I have a spreadsheet, approximately 1500 rows x 1500 columns. The labels along the top and side are the same, and the data in the cells is a quantified similarity score for the two inputs. I’d like to make a Rails app allowing a user to enter the row and column values and retrieve the similarity score. The similarity scores were derived empirically, and can’t be mathematically produced by the controller.
Some considerations: with every cell full, over half of the data is redundant; e.g., (row 34, column 985) holds the same value as (row 985, column 34).
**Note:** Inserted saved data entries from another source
(* In the setting below, $\operatorname{length}_{\mathcal{O}}\Phi_{\lambda_A}(A) = (n-t)\,w_{\mathbf{a}}$.
   Context: Let $\mathcal{O}$ be a discrete valuation ring with uniformiser $\varpi$ and normalised valuation $\nu$. Let $2\le m\le n$, $t=m-1$, $P=\mathcal{O}[X_{m\times n}]$ (polynomial ring in the entries of an $m\times n$ matrix of indeterminates $X$), and $A=P/\mathrm{I}_m(X)$, where $\mathrm{I}_k$ denotes the ideal of $k\times k$ minors. Fix integers $0\le a_1\le\cdots\le a_t$, $D=\operatorname{diag}(\varpi^{a_1},\ldots,\varpi^{a_t})$, $\Delta=\det D$. Let $\mathbf{a}\in\mathcal{O}^{m\times n}$ have zero last row and top $t$ entries of column $j$ equal to the $r$-th column of $D$, where $1\le r\le t$, $r\equiv j\pmod t$. Let $\lambda_A\colon A\to\mathcal{O}$ be the $\mathcal{O}$-algebra map induced by $X_{ij}\mapsto\mathbf{a}_{ij}$. For $\mathfrak{p}=\ker\lambda_A$, $\Phi_{\lambda_A}(A)=\operatorname{tors}(\mathfrak{p}/\mathfrak{p}^2)$. $w_{\mathbf{a}}=\nu(\Delta)=\operatorname{length}_{\mathcal{O}}(\mathcal{O}/\mathrm{I}_t(\mathbf{a}))$. *)

From HB Require Import structures.
From mathcomp Require Import all_boot all_order all_algebra.
From mathcomp Require Import mpoly.
Set Implicit Arguments. Unset Strict Implicit. Unset Printing Implicit Defensive.
Import Order.TTheory GRing.Theory Num.Theory.
Local Open Scope ring_scope.

(* [dvr_val pi x k] : x = u * pi^k with u a unit, i.e. nu(x) = k. *)
Definition dvr_val (R : idomainType) (pi x : R) (k : nat) : Prop :=
  exists2 u : R, u \is a GRing.unit & x = u * pi ^+ k.

Definition is_dvr_uniformiser (R : idomainType) (pi : R) : Prop :=
  [/\ pi != 0, pi \isn't a GRing.unit &
      forall x : R, x != 0 -> exists k, dvr_val pi x k].

Section Alg.
Variables (R : comNzRingType) (P : comAlgType R).

Definition is_submod (S : P -> Prop) : Prop :=
  [/\ S 0, (forall x y, S x -> S y -> S (x + y)) &
      (forall (c : R) x, S x -> S (c *: x))].

Definition is_ideal (J : P -> Prop) : Prop :=
  [/\ J 0, (forall x y, J x -> J y -> J (x + y)) &
      (forall (g : P) x, J x -> J (g * x))].

Definition ideal_gen (S : P -> Prop) : P -> Prop :=
  fun x => forall J, is_ideal J -> (forall s, S s -> J s) -> J x.

Definition subsetP (A B : P -> Prop) : Prop := forall x, A x -> B x.

(* a strictly increasing chain  N = c 0 < c 1 < ... < c k = T  of R-submodules
   of P, i.e. a chain of length k of submodules of the module T/N *)
Definition submod_chain (N T : P -> Prop) (k : nat) : Prop :=
  exists c : nat -> P -> Prop,
    [/\ (forall x, c 0%N x <-> N x), (forall x, c k x <-> T x),
        (forall i, (i <= k)%N -> is_submod (c i)) &
        (forall i, (i < k)%N -> subsetP (c i) (c i.+1) /\ ~ subsetP (c i.+1) (c i))].

(* length_R (T/N) = l  (for N <= T submodules): maximal chain length is l *)
Definition module_length (N T : P -> Prop) (l : nat) : Prop :=
  submod_chain N T l /\ ~ submod_chain N T l.+1.
End Alg.

Section Det.
Variables (R : idomainType) (m n : nat).

Local Notation P := {mpoly R[m * n]}.

Definition var_idx (i : 'I_m) (j : 'I_n) : 'I_(m * n) := mxvec_index i j.

Definition genericmx : 'M[P]_(m, n) := \matrix_(i, j) 'X_(var_idx i j).

Definition kminors (k : nat) (M : 'M[P]_(m, n)) : P -> Prop :=
  fun f => exists (r : 'I_k -> 'I_m) (c : 'I_k -> 'I_n),
    [/\ injective r, injective c & f = \det (\matrix_(i, j) M (r i) (c j))].

Definition evalmx (a : 'M[R]_(m, n)) (f : P) : R :=
  f.@[fun v : 'I_(m * n) => mxvec a 0 v].
End Det.

(* The module q/N, with N = q^2 + I_m(X), is controlled by gradients at the
   point [abold]: by first-order Taylor expansion an element of q with zero
   gradient lies in q^2.  The gradient of an m-minor is supported on the last
   row of variables, is orthogonal there to the first t rows of [abold], and
   is divisible by Delta (expand along the last row; every cofactor is a
   multiple of the product of the pivots pi^a_i).  Conversely the minor on the
   columns 1, ..., t, j has gradient Delta e_{m,j} in the free directions
   j > t.  Hence the torsion part T/N is described by n - t coordinates
   taken modulo Delta ~ pi^w, i.e. T/N = (O/pi^w)^(n-t), of length (n-t) w. *)

From HB Require Import structures.
From mathcomp Require Import all_boot all_order all_algebra.
From mathcomp Require Import mpoly.
From mathcomp Require Import ring zify.
From Stdlib Require Import ClassicalEpsilon.
Import Order.TTheory GRing.Theory Num.Theory.
Local Open Scope ring_scope.
Set Implicit Arguments. Unset Strict Implicit. Unset Printing Implicit Defensive.

Section Ideals.
Variables (R : comNzRingType) (A : comAlgType R).
Implicit Types (S J : A -> Prop) (x y : A).

Lemma submodB S x y : is_submod S -> S x -> S y -> S (x - y).
Proof. by case=> _ SD SZ Sx Sy; apply: SD => //; rewrite -scaleN1r; apply: SZ. Qed.

Lemma ideal_submod J : is_ideal J -> is_submod J.
Proof. by case=> J0 JD JM; split=> // c x Jx; rewrite -mulr_algl; apply: JM. Qed.

Lemma ideal_gen_ideal S : is_ideal (ideal_gen S).
Proof.
split=> [J [] //| x y Sx Sy J JJ SJ | g x Sx J JJ SJ]; case: (JJ) => _ JD JM.
  by apply: JD; [apply: Sx | apply: Sy].
by apply: JM; apply: Sx.
Qed.

Lemma ideal_gen_sub S s : S s -> ideal_gen S s.
Proof. by move=> Ss J _; apply. Qed.

Lemma ideal_gen_min S J x :
  is_ideal J -> (forall s, S s -> J s) -> ideal_gen S x -> J x.
Proof. by move=> JJ SJ; apply. Qed.

Section IdealClosure.
Variable J : A -> Prop.
Hypothesis idealJ : is_ideal J.

Lemma ideal0 : J 0. Proof. by case: idealJ. Qed.
Lemma idealD x y : J x -> J y -> J (x + y). Proof. by case: idealJ => _ + _; apply. Qed.
Lemma idealMl g x : J x -> J (g * x). Proof. by case: idealJ => _ _; apply. Qed.
Lemma idealMr g x : J x -> J (x * g). Proof. by rewrite mulrC; apply: idealMl. Qed.
Lemma idealZ c x : J x -> J (c *: x). Proof. by case: (ideal_submod idealJ) => _ _; apply. Qed.
Lemma idealB x y : J x -> J y -> J (x - y).
Proof. by move=> Jx Jy; apply: idealD => //; rewrite -scaleN1r; apply: idealZ. Qed.
End IdealClosure.
End Ideals.

Section Taylor.
Variables (R : comNzRingType) (k : nat) (x : 'I_k -> R).
Local Notation P := {mpoly R[k]}.
Implicit Types (f g : P) (u v : 'I_k).

Definition mderiv_at u f : R := (mderiv u f).@[x].

Lemma meval_sum (I : finType) (Q : pred I) (F : I -> P) :
  (\sum_(i | Q i) F i).@[x] = \sum_(i | Q i) (F i).@[x].
Proof. exact: (big_morph _ (mevalD x) (meval0 x)). Qed.

Lemma mderiv_atD u f g : mderiv_at u (f + g) = mderiv_at u f + mderiv_at u g.
Proof. by rewrite /mderiv_at mderivD mevalD. Qed.
Lemma mderiv_atZ u c f : mderiv_at u (c *: f) = c * mderiv_at u f.
Proof. by rewrite /mderiv_at mderivZ mevalZ. Qed.
Lemma mderiv_atB u f g : mderiv_at u (f - g) = mderiv_at u f - mderiv_at u g.
Proof. by rewrite /mderiv_at mderivB mevalB. Qed.
Lemma mderiv_atM u f g :
  mderiv_at u (f * g) = mderiv_at u f * g.@[x] + f.@[x] * mderiv_at u g.
Proof. by rewrite /mderiv_at mderivM mevalD !mevalM. Qed.
Lemma mderiv_atC u c : mderiv_at u c%:MP = 0.
Proof. by rewrite /mderiv_at mderivC meval0. Qed.
Lemma mderiv_atX u v : mderiv_at u 'X_v = (u == v)%:R.
Proof.
rewrite /mderiv_at mderivX mnm1E mevalZ mevalX eq_sym.
case: (u =P v) => [->|_]; last by rewrite mul0r.
by rewrite mul1r big1 // => i _; rewrite mnmBE subnn expr0.
Qed.
Lemma mderiv_at_sum u (I : finType) (Q : pred I) (F : I -> P) :
  mderiv_at u (\sum_(i | Q i) F i) = \sum_(i | Q i) mderiv_at u (F i).
Proof. by rewrite /mderiv_at (big_morph _ (mderivD u) (mderiv0 R u)) meval_sum. Qed.

Definition taylor_lin f : P := \sum_u mderiv_at u f *: ('X_u - (x u)%:MP).
Definition taylor1 f : P := (f.@[x])%:MP + taylor_lin f.

Lemma meval_taylor_lin f : (taylor_lin f).@[x] = 0.
Proof.
rewrite /taylor_lin meval_sum big1 // => u _.
by rewrite mevalZ mevalB mevalXU mevalC subrr mulr0.
Qed.

Lemma taylor_linD f g : taylor_lin (f + g) = taylor_lin f + taylor_lin g.
Proof.
by rewrite /taylor_lin -big_split; apply: eq_bigr => u _; rewrite mderiv_atD scalerDl.
Qed.
Lemma taylor_linM f g :
  taylor_lin (f * g) = g.@[x] *: taylor_lin f + f.@[x] *: taylor_lin g.
Proof.
rewrite /taylor_lin !scaler_sumr -big_split; apply: eq_bigr => u _.
by rewrite mderiv_atM !scalerA scalerDl mulrC [f.@[x] * _]mulrC.
Qed.

Variable J : P -> Prop.
Hypotheses (idealJ : is_ideal J)
  (J_sq : forall f g, f.@[x] = 0 -> g.@[x] = 0 -> J (f * g)).

Lemma taylor1_remD f g :
  J (f - taylor1 f) -> J (g - taylor1 g) -> J (f + g - taylor1 (f + g)).
Proof.
have -> : f + g - taylor1 (f + g) = (f - taylor1 f) + (g - taylor1 g).
  by rewrite /taylor1 mevalD taylor_linD rmorphD; ring.
exact: idealD.
Qed.

Lemma taylor1_remM f g :
  J (f - taylor1 f) -> J (g - taylor1 g) -> J (f * g - taylor1 (f * g)).
Proof.
move=> Jf Jg.
(* the only second-order term is the product of the two linear parts *)
have -> : f * g - taylor1 (f * g) =
    (f - taylor1 f) * g + taylor1 f * (g - taylor1 g) + taylor_lin f * taylor_lin g.
  rewrite /taylor1 taylor_linM mevalM -!mul_mpolyC rmorphM; ring.
apply: idealD => //; first by apply: idealD => //; [apply: idealMr | apply: idealMl].
by apply: J_sq; apply: meval_taylor_lin.
Qed.

Lemma taylor1_remC c : J (c%:MP - taylor1 c%:MP).
Proof.
rewrite /taylor1 mevalC /taylor_lin big1 ?addr0 ?subrr; first exact: ideal0.
by move=> u _; rewrite mderiv_atC scale0r.
Qed.

Lemma taylor1_remX u : J ('X_u - taylor1 'X_u).
Proof.
rewrite /taylor1 mevalXU /taylor_lin (bigD1 u) //= big1 ?addr0.
  by rewrite mderiv_atX eqxx scale1r [(x u)%:MP + _]addrC subrK subrr; exact: ideal0.
by move=> v /negbTE vu; rewrite mderiv_atX vu scale0r.
Qed.

Lemma taylor1_rem f : J (f - taylor1 f).
Proof.
have taylor1_remZ c g : J (g - taylor1 g) -> J (c *: g - taylor1 (c *: g)).
  by rewrite -!mul_mpolyC; apply: taylor1_remM; apply: taylor1_remC.
have taylor1_rem1 : J (1 - taylor1 1) by rewrite -(mpolyC1 _ R); exact: taylor1_remC.
elim/mpolyind: f => [|c mm p _ _ Jp]; first by rewrite -mpolyC0; apply: taylor1_remC.
apply: taylor1_remD => //; apply: taylor1_remZ; rewrite mpolyXE_id.
apply: (big_ind (fun g => J (g - taylor1 g))) => //; first exact: taylor1_remM.
move=> i _; elim: (mm i) => [|e IH]; first by rewrite expr0.
by rewrite exprS; apply: taylor1_remM => //; exact: taylor1_remX.
Qed.

Lemma flat_mem_ideal f : f.@[x] = 0 -> (forall u, mderiv_at u f = 0) -> J f.
Proof.
move=> f0 df0; have := taylor1_rem f.
rewrite /taylor1 /taylor_lin f0 big1 ?addr0 ?rmorph0 ?subr0 //.
by move=> u _; rewrite df0 scale0r.
Qed.
End Taylor.

Definition pow_dvd (R : pzRingType) (pi : R) (k : nat) (x : R) : Prop :=
  exists y, x = y * pi ^+ k.

Section PowDvd.
Variables (R : comNzRingType) (pi : R).
Implicit Types (x y : R) (k e : nat).

Lemma pow_dvd0 k : pow_dvd pi k 0. Proof. by exists 0; rewrite mul0r. Qed.
Lemma pow_dvdn0 x : pow_dvd pi 0 x. Proof. by exists x; rewrite expr0 mulr1. Qed.
Lemma pow_dvdD k x y : pow_dvd pi k x -> pow_dvd pi k y -> pow_dvd pi k (x + y).
Proof. by move=> [x' ->] [y' ->]; exists (x' + y'); rewrite mulrDl. Qed.
Lemma pow_dvdMl k c x : pow_dvd pi k x -> pow_dvd pi k (c * x).
Proof. by move=> [x' ->]; exists (c * x'); rewrite mulrA. Qed.
Lemma pow_dvdW k e x : (e <= k)%N -> pow_dvd pi k x -> pow_dvd pi e x.
Proof. by move=> ek [x' ->]; exists (x' * pi ^+ (k - e)); rewrite -mulrA -exprD subnK. Qed.
Lemma pow_dvdXl k e : (k <= e)%N -> pow_dvd pi k (pi ^+ e).
Proof. by move=> ke; exists (pi ^+ (e - k)); rewrite -exprD subnK. Qed.
End PowDvd.

Lemma Npow_dvd_exprS (R : idomainType) (pi : R) e :
  pi != 0 -> pi \isn't a GRing.unit -> ~ pow_dvd pi e.+1 (pi ^+ e).
Proof.
move=> pi0 /negP piNU [y /eqP]; rewrite exprS mulrA -subr_eq0 -{1}(mul1r (pi ^+ e)) -mulrBl.
rewrite mulf_eq0 expf_eq0 (negbTE pi0) andbF orbF subr_eq0 => /eqP yp1.
by apply: piNU; apply/unitrP; exists y; rewrite [pi * y]mulrC -yp1.
Qed.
And row x will always be perfectly similar to column x. The data is static, and won’t change for years.
Can this be done with one db table? Is there a better way? Can I skip the relational db entirely and somehow query the file directly?
All assistance and advice is much appreciated!
Database is always a safe place to store it. Relational Database is straightforward and a good idea. However there are alternatives to consider. How often will this data be accessed? Is it accessed rarely or very frequently? If it’s accessed very rarely, just put it in the database and let your code take care of searching and presenting. You’ll optimize it by database indexes etc.
Flat-File is a good idea but reading and searching it at run time for every request is going to be too slow.
You could read all the data (from db/file) at server startup, and keep it in memory and ensure that your servers dont restart too often. It means each one of your servers is going to sit with the entire grid in memory but computation is going to be really fast. If you use REE and calibrate the Garbage Collection settings, you can also minimize the startup time of the server to a large extent.
Here’s my final suggestion. Just build your app in the simplest way you know. Once you know how often and how much your app is going to be used, you start optimizing. You are fundamentally working with 1125000 cells. This is not unreasonably large dataset for a database to process. But since your dataset will not change, you can go far by conventional caching techniques.